All I truly wanted was to not wonder what every bump or scratch or creak might be. I wanted someone to tell me that everything was ok...that I was safe. Maybe that's why little girls love their daddy's...because if they are good dads, then they become our protector, our hero, our savior. They can slay monsters and run off intruders. They draw us close and keep us. To be a little girl in your daddy's arms...
There was such a girl, maybe 3 or 4 years old, last week at the Drip who sat in her dad's lap as he told her a story. She snuggled there, riveted by him, hanging on every word, sucking her thumb in complete peace.
It was a lovely picture of what I long for with the Lord...to draw near, riveted by Him, hanging on His every word, in complete peace.
I remember during a particularly tumultuous time in my life, I lay in my bed and sobbed...It is Well with My Soul played in the background. At that moment, I truly felt that I was under His wings, close to His heart. I was safe.
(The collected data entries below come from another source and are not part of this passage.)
Lemma ax_sigma_vanishes_down i : (0 < i)%N -> (i.+1 < n)%N ->
  ax_sigma_vanishes i.+1 -> ax_sigma_vanishes i.
Proof.
move=> i0 iSn vi1 j a jl ha.
have hs1 : (0 < i.+1 < n)%N by lia.
have [hL hR] : high_mono i.+1 (SL i.+2) /\ high_mono i.+1 (SR i.+2).
  by apply: high_mono_sig; lia.
have hsi : low_mono i.+1 (sg i) by rewrite /=; lia.
have braid : sg i.+1 ⊗ (sg i ⊗ sg i.+1) ≡ sg i ⊗ (sg i.+1 ⊗ sg i).
  by symmetry; apply/q_base/r_Sbraid; rewrite /inS; lia.
have expand : sg i.+1 ⊗ (ga i.+1 a ⊗ tpow (xg i.+1) j ⊗ sg i) ⊗ sg i.+1 ≡
    ga i.+2 a ⊗ tpow (xg i.+2) j ⊗ sg i ⊗ (sg i.+1 ⊗ sg i) ⊕
    tC (- z) ⊗ (ga i.+2 a ⊗ (xtau_sum i.+1 j ⊗ tpow (xg i.+1) 0) ⊗ (sg i ⊗ sg i.+1)).
  transitivity (sg i.+1 ⊗ (ga i.+1 a ⊗ tpow (xg i.+1) j) ⊗ (sg i ⊗ sg i.+1)).
    by rewrite -!tmulA.
  rewrite sigma_ga_xpow // tmulDl; apply: q_add; first by rewrite -!tmulA braid.
  by rewrite /= tmul1r -tmulA.
rewrite (sig_dnS iSn) (sig_upS iSn) -vanishes_conj expand.
apply: vanishesD; last by apply/vanishesZ/xtau_sum_vanishes.
apply: (vanishes_mull (j := i.+1)) => //; first lia.
  split; [split; [lia | exact: ha] | apply: high_mono_tpow => /=; lia].
rewrite tmulA; apply: (vanishes_mulr (j := i.+1)) => //; first lia.
exact: vi1.
Qed.

Lemma ax_sigma_vanishes_all i : (0 < i < n)%N -> ax_sigma_vanishes i.
Proof.
move=> hs; have [d nid] : exists d, (n = (i + d).+1)%N by exists (n - i.+1)%N; lia.
elim: d i hs nid => [|d IHd] i hs nid.
  have -> : i = n.-1 by lia.
  by apply: ax_sigma_vanishes_top; lia.
by apply: ax_sigma_vanishes_down; [lia | lia | apply: IHd; lia].
Qed.

Lemma fpoly_defect_vanishes i : (0 < l)%N -> (0 < i < n)%N ->
  vanishes (SL i.+1) (SR i.+1) (fpoly_defect F f l i ⊗ sg i).
Proof.
move=> l0 hs; have vi := ax_sigma_vanishes_all hs.
rewrite /fpoly_defect tsum_mulr; apply: vanishes_sum => j.
rewrite mem_iota add0n => /andP [_ jl]; have hf := f_homog jl.
case: (l - j)%N (leq_subr j l) => [|r] rl.
  have -> : ga i.+1 (f j) ⊗ (xtau_sum i 0 ⊕ tC (-1) ⊗ (tpow (xg i.+1) 0 ⊗ tau i)) ⊗ sg i
      ≡ tC (-1) ⊗ (ga i.+1 (f j) ⊗ (tpow (xg i.+1) 0 ⊗ tau i ⊗ tpow (xg i) 0)
                   ⊗ (tC 1 ⊗ sg i)).
    by rewrite /= tadd0l !tmul1l tmul1r -!tmulA tC_mulCA.
  by apply/vanishesZ/atom_vanishes.
have -> : xtau_sum i r.+1 ⊕ tC (-1) ⊗ (tpow (xg i.+1) r.+1 ⊗ tau i) ≡
    xtau_sum i r ⊗ tpow (xg i) 1.
  by rewrite [xtau_sum i r.+1]/= (taddC (tpow _ r.+1 ⊗ tau i)) taddK /= tmul1r.
rewrite -[sg i]tmul1l.
exact: xtau_sum_vanishes.
Qed.

Lemma fpoly_vanishes q : (0 < l)%N -> (0 < q <= n)%N -> vanishes (SL q) (SR q) (fpoly f l q).
Proof.
move=> l0; elim: q => [|[|q] IHq] // hq.
  by rewrite (q_base (r_cyc F z f l (_ : 0 < n)%N)); [exact: vanishes0 | lia].
have [hs qn] : (0 < q.+1 < n)%N /\ (q.+1 < n)%N by lia.
rewrite (fpoly_conj HF hs); apply: vanishesD; last exact/vanishesZ/fpoly_defect_vanishes.
by rewrite vanishes_conj -(sig_dnS qn) -(sig_upS qn); apply: IHq; lia.
Qed.

Lemma T_fpoly : (0 < l)%N -> (0 < n)%N -> T (fpoly f l n) ≡' tC 0.
Proof.
move=> l0 n0; apply/vanishes1.
by have := fpoly_vanishes l0 (_ : 0 < n <= n)%N; rewrite subnn; apply; lia.
Qed.

End Trace.

Theorem lemma6p1 (k : comNzRingType) (A : algType k) (F : symFrobData A)
    (z t : k) (l : nat) (f : nat -> A) (n : nat) (T : term A -> term A) :
  symFrob_axioms F ->
  (exists z' : k, z * z' = 1) -> (exists t' : k, t * t' = 1) ->
  f 0%N = 1 -> f l = (t ^+ 2)%:A ->
  (forall i, (i <= l)%N -> homog F false (f i) /\ (forall a, f i * a = a * f i)) ->
  (1 <= n)%N ->
  (* T is a well-defined map QWA^f_n -> QWA^f_{n-1} *)
  (forall u v, qeq F z f l n u v -> qeq F z f l n.-1 (T u) (T v)) ->
  (* additive *)
  (forall u v, qeq F z f l n.-1 (T (tAdd u v)) (tAdd (T u) (T v))) ->
  (* QWA^f_{n-1}-bimodule map (QWA^f_{n-1} embedded in QWA^f_n) *)
  (forall u w v, inrange n.-1 u -> inrange n.-1 v ->
     qeq F z f l n.-1 (T (tMul u (tMul w v))) (tMul u (tMul (T w) v))) ->
  (* tr^f_n(sigma_{n-1}) = 0 *)
  ((2 <= n)%N -> qeq F z f l n.-1 (T (tG (GS A n.-1))) (tC A 0)) ->
  (* tr^f_n(a^{(n)} x_n^r) = delta_{r,0} tr(a) for 0 <= r < l *)
  (forall (a : A) (r : nat), (r < l)%N ->
     qeq F z f l n.-1 (T (tMul (tG (GA n a)) (tpow (tG (GX A n)) r)))
                      (tC A (if r == 0%N then sf_tr F a else 0))) ->
  qeq F z f l n.-1 (T (fpoly f l n)) (tC A 0).
Proof.
move=> HF _ _ f0 _ f_central n0 T_qeq TD T_bimod T_sigma T_ga_xpow.
have [l0 | l0] := posnP l.
  subst l; transitivity (T (tC A 0)); first exact/T_qeq/qeq_trivial_deg0.
  exact: T0.
have f_homog j : (j <= l)%N -> exists p, homog F p (f j).
  by move=> /f_central [f_even _]; exists false.
exact: (T_fpoly HF T_qeq TD T_bimod T_sigma T_ga_xpow f_homog l0 n0).
Qed.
When my faith fails and the dark becomes frightening again, the Lord, in great grace and faithfulness, still welcomes me back with strong arms.
He is God, and He, oddly enough, longs to hold us in those arms. He longs to hide us beneath His wings. He longs to be our refuge. When the world is shaken and nothing stands, I will run into Your hands...O that He might be the one we hold to as our protector, our hero, our Savior. His love is great, and love never fails...in Him, the dark isn't dark anymore.